WHAT TO WORK ON ▸
Every line with the word "vscal" in it should be extracted from the data that follows.

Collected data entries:
# # # # #
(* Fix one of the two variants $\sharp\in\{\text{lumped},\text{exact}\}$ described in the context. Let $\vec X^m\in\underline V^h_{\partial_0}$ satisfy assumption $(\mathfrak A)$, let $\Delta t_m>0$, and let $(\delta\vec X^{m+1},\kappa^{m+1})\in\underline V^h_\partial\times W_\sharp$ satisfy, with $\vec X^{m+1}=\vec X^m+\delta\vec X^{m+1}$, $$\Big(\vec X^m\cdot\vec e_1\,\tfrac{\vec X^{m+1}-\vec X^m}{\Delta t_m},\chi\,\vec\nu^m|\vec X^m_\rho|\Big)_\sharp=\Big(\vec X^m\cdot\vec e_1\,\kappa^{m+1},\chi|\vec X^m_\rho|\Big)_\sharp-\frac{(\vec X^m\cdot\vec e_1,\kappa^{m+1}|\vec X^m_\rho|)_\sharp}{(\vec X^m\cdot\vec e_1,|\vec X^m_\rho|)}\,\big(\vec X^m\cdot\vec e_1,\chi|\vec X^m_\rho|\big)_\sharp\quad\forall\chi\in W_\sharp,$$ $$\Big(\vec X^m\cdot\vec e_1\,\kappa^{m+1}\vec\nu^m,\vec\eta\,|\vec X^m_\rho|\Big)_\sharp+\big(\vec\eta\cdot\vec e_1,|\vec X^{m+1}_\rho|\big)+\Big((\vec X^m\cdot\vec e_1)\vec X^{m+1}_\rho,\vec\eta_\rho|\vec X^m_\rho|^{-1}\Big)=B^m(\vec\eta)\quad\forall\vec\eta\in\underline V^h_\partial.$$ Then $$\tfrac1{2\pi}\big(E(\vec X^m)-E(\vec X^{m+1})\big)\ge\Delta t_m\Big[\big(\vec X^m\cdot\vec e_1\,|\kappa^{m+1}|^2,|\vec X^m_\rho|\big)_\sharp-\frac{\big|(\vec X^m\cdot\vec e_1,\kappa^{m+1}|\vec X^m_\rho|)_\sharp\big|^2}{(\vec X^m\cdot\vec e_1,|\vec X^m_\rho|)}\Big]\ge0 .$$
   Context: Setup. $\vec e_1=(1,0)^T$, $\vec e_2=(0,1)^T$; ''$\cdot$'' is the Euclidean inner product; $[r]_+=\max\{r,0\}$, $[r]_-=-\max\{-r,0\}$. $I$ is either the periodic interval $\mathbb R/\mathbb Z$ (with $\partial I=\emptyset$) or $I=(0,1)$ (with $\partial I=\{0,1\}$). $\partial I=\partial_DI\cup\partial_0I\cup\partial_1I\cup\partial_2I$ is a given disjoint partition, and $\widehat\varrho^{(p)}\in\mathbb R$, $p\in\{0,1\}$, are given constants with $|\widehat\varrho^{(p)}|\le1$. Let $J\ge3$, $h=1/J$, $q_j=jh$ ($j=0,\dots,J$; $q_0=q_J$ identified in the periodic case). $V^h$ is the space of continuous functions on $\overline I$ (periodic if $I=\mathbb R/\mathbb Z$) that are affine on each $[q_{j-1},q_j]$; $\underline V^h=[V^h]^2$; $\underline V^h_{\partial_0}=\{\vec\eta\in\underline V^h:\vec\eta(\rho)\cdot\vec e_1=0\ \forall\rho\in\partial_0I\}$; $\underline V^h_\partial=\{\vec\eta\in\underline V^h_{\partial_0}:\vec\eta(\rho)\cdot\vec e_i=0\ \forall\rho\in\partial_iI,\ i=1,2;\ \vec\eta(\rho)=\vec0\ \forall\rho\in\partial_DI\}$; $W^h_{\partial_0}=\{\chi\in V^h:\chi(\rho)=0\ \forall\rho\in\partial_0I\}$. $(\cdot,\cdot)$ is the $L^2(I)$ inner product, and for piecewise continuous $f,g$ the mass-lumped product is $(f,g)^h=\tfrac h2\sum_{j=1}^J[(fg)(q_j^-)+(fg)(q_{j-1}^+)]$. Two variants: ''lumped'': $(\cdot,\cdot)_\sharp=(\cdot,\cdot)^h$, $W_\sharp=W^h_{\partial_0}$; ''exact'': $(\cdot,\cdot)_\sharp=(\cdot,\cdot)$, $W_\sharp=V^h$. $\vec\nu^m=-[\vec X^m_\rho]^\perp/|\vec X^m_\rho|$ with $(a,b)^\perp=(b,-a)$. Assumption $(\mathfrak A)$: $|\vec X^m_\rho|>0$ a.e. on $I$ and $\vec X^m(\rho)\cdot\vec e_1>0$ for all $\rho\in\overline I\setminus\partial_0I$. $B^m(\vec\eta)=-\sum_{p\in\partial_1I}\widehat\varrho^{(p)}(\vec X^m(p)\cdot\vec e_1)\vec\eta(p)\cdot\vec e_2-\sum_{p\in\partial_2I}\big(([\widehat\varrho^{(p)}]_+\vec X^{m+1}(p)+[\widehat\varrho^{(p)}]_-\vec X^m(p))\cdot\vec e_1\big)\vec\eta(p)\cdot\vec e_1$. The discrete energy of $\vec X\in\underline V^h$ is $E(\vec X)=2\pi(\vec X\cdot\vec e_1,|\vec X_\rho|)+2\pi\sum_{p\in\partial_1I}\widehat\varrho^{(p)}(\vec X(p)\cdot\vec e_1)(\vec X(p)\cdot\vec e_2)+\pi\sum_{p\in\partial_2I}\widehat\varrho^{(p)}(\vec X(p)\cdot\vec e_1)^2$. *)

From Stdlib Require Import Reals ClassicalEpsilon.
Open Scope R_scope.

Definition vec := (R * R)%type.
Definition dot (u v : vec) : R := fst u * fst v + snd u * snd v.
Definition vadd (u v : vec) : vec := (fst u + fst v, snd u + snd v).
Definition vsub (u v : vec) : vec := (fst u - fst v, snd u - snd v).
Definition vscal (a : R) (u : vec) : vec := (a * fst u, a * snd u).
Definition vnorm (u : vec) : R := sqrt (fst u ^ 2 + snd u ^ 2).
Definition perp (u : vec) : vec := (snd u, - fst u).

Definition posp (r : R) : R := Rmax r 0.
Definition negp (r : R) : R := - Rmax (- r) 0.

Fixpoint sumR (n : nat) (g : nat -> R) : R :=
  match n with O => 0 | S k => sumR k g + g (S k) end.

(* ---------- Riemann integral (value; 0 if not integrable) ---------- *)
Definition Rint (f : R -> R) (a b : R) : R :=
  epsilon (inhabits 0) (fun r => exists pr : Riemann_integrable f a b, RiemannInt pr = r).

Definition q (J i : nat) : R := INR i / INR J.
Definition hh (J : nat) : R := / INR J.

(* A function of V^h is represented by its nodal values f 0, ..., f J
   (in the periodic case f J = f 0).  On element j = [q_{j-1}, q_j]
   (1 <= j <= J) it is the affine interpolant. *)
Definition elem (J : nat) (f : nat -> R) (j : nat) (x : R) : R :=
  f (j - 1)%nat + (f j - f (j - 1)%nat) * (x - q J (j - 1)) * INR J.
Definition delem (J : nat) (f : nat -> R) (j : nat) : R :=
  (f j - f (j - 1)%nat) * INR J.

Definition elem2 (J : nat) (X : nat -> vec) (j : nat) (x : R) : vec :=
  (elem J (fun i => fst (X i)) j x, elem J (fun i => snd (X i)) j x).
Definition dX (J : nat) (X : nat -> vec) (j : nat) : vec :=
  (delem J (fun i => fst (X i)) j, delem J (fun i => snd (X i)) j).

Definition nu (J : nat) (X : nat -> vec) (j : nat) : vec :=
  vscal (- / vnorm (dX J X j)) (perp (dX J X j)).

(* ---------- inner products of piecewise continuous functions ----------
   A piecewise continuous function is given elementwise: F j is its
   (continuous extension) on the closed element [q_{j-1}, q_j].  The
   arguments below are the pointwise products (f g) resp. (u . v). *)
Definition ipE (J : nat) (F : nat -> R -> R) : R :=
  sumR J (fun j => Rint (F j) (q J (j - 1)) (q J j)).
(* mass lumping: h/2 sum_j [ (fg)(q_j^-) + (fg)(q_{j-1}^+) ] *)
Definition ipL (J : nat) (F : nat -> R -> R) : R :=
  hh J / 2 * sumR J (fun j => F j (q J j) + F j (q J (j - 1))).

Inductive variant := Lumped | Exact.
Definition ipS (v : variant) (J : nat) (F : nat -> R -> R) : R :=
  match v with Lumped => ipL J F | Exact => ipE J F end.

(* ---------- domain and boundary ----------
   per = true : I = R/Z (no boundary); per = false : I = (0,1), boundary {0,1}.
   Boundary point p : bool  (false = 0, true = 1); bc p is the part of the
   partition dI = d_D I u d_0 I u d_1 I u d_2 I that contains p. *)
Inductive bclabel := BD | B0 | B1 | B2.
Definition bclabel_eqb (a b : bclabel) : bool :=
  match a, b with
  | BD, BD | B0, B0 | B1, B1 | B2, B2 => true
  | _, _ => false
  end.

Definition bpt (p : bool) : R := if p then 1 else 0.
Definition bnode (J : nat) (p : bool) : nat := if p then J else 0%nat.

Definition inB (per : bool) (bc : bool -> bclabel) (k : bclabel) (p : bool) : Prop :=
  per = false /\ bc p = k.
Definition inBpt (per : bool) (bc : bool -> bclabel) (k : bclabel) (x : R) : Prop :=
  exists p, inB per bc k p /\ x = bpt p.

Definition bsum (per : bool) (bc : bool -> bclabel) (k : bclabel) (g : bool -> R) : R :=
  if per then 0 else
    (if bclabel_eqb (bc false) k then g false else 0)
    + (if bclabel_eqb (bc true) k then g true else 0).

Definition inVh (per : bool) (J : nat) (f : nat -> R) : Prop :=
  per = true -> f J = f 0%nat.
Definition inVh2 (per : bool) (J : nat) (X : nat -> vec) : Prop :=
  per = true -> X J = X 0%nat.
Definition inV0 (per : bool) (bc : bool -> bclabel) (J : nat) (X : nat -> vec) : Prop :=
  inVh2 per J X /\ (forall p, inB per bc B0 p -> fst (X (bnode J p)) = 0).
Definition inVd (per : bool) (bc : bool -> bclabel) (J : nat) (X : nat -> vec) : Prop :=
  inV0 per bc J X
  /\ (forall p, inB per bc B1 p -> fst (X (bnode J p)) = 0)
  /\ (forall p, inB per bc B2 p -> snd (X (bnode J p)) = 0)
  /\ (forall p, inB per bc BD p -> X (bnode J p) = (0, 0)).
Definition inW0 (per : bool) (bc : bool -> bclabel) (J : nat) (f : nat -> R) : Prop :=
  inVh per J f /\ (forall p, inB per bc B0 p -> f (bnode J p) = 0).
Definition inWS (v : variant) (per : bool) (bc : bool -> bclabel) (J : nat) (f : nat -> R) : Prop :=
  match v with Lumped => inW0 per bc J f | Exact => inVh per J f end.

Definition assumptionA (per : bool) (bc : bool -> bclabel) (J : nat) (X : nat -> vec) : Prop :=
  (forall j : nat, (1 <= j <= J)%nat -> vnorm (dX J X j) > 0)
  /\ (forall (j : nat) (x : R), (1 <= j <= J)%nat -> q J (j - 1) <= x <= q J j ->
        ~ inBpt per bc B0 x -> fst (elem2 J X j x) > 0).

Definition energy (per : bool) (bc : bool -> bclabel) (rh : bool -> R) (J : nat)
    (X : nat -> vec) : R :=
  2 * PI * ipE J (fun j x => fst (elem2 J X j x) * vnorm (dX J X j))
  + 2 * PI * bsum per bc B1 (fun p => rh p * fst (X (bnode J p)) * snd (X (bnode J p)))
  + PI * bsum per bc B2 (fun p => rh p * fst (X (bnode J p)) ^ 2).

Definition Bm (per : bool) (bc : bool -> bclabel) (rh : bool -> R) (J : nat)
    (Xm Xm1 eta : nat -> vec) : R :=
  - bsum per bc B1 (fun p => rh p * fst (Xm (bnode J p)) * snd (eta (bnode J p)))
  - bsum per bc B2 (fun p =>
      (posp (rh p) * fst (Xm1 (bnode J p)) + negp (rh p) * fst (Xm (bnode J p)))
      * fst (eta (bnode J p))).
# # # # #
ANSWER SECTION ▸
Definition vscal (a : R) (u : vec) : vec := (a * fst u, a * snd u).
  vscal (- / vnorm (dX J X j)) (perp (dX J X j)).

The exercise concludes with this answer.